▶ _TASK MATERIAL_:

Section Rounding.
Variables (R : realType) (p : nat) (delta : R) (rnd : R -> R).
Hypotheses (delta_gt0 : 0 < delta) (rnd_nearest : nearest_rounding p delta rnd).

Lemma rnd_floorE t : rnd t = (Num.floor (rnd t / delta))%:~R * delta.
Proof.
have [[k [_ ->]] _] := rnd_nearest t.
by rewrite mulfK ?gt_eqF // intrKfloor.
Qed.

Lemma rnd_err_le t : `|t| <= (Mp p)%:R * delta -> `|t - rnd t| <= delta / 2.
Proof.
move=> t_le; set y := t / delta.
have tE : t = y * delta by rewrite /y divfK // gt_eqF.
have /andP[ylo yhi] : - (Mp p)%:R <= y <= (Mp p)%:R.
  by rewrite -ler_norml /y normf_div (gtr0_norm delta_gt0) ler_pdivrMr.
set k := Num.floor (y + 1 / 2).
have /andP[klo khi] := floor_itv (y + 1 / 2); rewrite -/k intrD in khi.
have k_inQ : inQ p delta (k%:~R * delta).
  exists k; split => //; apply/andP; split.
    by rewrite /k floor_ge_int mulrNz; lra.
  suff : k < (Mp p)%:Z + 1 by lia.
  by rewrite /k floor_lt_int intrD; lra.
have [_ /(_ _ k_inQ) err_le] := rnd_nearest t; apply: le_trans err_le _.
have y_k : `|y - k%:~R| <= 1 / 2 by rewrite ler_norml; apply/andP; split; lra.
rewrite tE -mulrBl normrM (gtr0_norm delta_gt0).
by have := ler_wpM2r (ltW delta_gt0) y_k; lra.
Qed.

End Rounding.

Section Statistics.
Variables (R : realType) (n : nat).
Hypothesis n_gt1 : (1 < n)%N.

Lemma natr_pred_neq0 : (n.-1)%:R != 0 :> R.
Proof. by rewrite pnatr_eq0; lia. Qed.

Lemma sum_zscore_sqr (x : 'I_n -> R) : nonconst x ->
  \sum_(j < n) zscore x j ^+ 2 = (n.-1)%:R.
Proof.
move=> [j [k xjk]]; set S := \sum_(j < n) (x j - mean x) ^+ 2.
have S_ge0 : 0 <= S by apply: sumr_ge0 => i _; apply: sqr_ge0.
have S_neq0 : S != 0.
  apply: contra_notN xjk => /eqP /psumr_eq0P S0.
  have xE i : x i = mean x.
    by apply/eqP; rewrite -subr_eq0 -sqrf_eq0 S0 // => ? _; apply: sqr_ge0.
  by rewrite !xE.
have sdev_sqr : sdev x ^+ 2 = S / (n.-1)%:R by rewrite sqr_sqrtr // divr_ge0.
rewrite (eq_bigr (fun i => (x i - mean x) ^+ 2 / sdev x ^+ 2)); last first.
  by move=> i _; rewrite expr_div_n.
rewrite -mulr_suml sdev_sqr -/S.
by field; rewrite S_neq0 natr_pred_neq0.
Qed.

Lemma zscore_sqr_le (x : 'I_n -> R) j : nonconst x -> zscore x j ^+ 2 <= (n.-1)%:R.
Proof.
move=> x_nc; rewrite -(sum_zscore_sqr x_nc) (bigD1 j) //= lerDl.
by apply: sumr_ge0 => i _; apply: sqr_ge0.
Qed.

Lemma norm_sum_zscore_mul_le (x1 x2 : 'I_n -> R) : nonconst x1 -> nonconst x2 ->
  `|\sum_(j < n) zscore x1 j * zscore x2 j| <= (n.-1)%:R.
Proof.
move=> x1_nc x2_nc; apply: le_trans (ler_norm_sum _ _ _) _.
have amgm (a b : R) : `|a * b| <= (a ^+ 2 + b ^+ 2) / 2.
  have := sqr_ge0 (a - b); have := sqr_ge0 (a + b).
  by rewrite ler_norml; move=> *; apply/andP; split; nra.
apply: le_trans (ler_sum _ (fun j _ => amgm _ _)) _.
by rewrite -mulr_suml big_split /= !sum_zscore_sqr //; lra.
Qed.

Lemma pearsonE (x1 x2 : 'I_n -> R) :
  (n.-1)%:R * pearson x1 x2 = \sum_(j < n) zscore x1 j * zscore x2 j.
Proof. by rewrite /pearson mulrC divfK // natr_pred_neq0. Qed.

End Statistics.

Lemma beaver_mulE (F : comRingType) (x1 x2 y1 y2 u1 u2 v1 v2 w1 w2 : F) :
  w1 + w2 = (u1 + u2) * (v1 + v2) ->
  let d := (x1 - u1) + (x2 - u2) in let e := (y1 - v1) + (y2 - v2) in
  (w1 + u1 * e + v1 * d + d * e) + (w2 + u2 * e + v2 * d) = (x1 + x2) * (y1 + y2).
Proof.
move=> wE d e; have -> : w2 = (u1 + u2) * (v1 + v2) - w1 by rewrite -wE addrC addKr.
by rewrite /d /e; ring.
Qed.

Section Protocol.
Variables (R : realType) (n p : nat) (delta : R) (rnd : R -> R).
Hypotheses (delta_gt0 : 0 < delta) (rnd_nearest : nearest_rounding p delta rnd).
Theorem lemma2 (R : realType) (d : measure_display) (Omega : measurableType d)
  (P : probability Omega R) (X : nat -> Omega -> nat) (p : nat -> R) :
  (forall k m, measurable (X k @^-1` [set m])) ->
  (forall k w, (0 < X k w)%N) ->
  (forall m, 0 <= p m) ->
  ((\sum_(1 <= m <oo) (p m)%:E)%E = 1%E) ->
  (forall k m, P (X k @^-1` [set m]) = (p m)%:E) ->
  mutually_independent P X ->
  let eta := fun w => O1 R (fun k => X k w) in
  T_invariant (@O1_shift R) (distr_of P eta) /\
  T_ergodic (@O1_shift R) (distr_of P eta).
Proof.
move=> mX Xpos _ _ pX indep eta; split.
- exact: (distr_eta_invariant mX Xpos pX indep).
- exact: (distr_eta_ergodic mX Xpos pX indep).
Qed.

==

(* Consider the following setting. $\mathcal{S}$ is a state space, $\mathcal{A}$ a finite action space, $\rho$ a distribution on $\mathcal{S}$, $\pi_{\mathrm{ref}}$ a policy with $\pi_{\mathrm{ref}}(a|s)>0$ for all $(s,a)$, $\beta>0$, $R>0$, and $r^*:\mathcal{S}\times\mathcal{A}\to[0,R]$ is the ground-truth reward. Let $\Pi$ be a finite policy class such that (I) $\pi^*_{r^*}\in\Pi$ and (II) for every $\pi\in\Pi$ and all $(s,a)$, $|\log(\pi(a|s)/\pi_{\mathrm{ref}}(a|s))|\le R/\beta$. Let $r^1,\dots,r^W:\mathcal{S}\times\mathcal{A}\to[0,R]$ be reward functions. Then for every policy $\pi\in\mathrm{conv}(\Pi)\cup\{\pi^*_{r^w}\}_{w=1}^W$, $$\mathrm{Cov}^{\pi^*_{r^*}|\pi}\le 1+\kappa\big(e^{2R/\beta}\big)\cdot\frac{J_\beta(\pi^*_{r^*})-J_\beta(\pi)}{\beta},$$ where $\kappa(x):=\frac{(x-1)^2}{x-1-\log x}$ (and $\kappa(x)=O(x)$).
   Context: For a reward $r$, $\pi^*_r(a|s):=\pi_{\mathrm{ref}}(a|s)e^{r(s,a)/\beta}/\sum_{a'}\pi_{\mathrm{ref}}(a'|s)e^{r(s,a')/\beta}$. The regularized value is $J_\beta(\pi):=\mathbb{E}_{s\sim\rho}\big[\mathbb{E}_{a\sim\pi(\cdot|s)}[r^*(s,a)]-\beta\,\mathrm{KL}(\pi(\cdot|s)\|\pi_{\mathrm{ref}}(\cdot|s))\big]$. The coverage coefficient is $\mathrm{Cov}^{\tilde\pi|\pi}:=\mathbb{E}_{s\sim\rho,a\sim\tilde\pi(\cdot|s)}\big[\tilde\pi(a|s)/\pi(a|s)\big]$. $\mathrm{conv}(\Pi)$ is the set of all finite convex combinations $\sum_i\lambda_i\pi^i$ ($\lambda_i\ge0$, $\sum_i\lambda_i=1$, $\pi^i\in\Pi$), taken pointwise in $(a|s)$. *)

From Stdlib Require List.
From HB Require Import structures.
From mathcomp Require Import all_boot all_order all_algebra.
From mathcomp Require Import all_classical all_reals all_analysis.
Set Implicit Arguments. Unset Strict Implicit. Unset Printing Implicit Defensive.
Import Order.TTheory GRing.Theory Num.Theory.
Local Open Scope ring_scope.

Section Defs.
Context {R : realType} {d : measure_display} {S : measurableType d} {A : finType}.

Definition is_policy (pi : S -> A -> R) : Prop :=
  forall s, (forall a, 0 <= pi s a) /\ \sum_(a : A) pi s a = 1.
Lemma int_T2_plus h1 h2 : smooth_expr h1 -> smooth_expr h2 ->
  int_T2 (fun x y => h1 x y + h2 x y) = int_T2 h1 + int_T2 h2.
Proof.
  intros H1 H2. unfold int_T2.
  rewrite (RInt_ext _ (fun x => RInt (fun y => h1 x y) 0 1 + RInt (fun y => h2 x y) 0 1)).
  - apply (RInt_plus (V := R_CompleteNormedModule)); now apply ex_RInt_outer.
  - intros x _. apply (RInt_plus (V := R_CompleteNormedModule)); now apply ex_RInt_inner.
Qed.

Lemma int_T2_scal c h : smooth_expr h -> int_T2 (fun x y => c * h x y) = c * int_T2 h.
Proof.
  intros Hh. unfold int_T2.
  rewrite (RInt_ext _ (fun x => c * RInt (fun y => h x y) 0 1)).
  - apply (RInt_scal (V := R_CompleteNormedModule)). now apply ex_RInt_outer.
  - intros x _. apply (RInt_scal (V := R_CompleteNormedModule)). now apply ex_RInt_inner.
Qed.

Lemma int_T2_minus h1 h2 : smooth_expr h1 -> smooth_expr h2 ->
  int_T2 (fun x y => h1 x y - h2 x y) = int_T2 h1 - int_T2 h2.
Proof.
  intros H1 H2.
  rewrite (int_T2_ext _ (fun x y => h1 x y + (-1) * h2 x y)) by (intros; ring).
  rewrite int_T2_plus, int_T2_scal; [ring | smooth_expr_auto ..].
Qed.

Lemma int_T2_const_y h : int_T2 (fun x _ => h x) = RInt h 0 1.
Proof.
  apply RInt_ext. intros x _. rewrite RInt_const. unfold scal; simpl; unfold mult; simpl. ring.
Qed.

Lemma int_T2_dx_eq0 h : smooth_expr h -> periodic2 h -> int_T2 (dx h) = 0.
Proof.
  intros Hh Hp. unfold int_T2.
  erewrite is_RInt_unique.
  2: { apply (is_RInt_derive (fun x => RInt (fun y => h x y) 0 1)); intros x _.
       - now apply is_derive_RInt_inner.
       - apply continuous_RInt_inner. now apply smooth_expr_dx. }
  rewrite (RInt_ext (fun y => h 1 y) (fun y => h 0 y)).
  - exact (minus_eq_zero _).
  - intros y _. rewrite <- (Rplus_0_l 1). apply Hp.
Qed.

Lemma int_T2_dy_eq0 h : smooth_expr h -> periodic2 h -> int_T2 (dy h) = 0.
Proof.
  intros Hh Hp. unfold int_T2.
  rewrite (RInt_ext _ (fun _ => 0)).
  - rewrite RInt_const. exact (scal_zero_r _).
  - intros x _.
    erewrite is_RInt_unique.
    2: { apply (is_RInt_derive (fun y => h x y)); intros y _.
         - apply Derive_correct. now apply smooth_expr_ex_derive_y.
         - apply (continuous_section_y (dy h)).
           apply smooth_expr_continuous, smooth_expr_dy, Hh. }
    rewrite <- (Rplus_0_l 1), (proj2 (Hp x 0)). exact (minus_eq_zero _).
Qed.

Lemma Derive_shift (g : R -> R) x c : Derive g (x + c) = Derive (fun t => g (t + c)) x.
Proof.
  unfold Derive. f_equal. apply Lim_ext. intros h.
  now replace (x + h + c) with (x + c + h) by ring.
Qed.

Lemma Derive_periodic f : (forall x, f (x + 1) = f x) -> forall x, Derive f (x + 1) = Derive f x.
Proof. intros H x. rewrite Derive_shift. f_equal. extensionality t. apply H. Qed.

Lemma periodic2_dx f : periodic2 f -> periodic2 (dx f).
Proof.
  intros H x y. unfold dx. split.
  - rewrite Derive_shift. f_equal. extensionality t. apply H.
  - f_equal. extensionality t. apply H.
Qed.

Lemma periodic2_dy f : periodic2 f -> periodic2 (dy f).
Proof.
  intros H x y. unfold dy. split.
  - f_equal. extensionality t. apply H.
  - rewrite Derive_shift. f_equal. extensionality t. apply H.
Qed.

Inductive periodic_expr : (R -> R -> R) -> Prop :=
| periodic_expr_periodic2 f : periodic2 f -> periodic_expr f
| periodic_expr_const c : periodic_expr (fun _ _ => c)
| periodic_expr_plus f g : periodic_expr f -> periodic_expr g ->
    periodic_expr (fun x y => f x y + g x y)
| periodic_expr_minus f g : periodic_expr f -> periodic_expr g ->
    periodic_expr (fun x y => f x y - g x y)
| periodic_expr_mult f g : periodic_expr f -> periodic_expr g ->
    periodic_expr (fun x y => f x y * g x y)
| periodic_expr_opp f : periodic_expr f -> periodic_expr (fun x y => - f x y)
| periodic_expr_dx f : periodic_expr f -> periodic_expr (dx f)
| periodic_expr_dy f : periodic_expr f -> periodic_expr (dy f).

▶ _WORK TO BE COMPLETED_: Quote the listing above, but only from the line that shows "have := sqr_ge0 (a - b);" through the line that shows "let eta := fun".

▶ _ANSWER TO THIS TASK_:
  have := sqr_ge0 (a - b); have := sqr_ge0 (a + b).
  by rewrite ler_norml; move=> *; apply/andP; split; nra.
apply: le_trans (ler_sum _ (fun j _ => amgm _ _)) _.
by rewrite -mulr_suml big_split /= !sum_zscore_sqr //; lra.
Qed.

Lemma pearsonE (x1 x2 : 'I_n -> R) :
  (n.-1)%:R * pearson x1 x2 = \sum_(j < n) zscore x1 j * zscore x2 j.
Proof. by rewrite /pearson mulrC divfK // natr_pred_neq0. Qed.

End Statistics.

Lemma beaver_mulE (F : comRingType) (x1 x2 y1 y2 u1 u2 v1 v2 w1 w2 : F) :
  w1 + w2 = (u1 + u2) * (v1 + v2) ->
  let d := (x1 - u1) + (x2 - u2) in let e := (y1 - v1) + (y2 - v2) in
  (w1 + u1 * e + v1 * d + d * e) + (w2 + u2 * e + v2 * d) = (x1 + x2) * (y1 + y2).
Proof.
move=> wE d e; have -> : w2 = (u1 + u2) * (v1 + v2) - w1 by rewrite -wE addrC addKr.
by rewrite /d /e; ring.
Qed.

Section Protocol.
Variables (R : realType) (n p : nat) (delta : R) (rnd : R -> R).
Hypotheses (delta_gt0 : 0 < delta) (rnd_nearest : nearest_rounding p delta rnd).
Theorem lemma2 (R : realType) (d : measure_display) (Omega : measurableType d)
  (P : probability Omega R) (X : nat -> Omega -> nat) (p : nat -> R) :
  (forall k m, measurable (X k @^-1` [set m])) ->
  (forall k w, (0 < X k w)%N) ->
  (forall m, 0 <= p m) ->
  ((\sum_(1 <= m <oo) (p m)%:E)%E = 1%E) ->
  (forall k m, P (X k @^-1` [set m]) = (p m)%:E) ->
  mutually_independent P X ->
  let eta := fun w => O1 R (fun k => X k w) in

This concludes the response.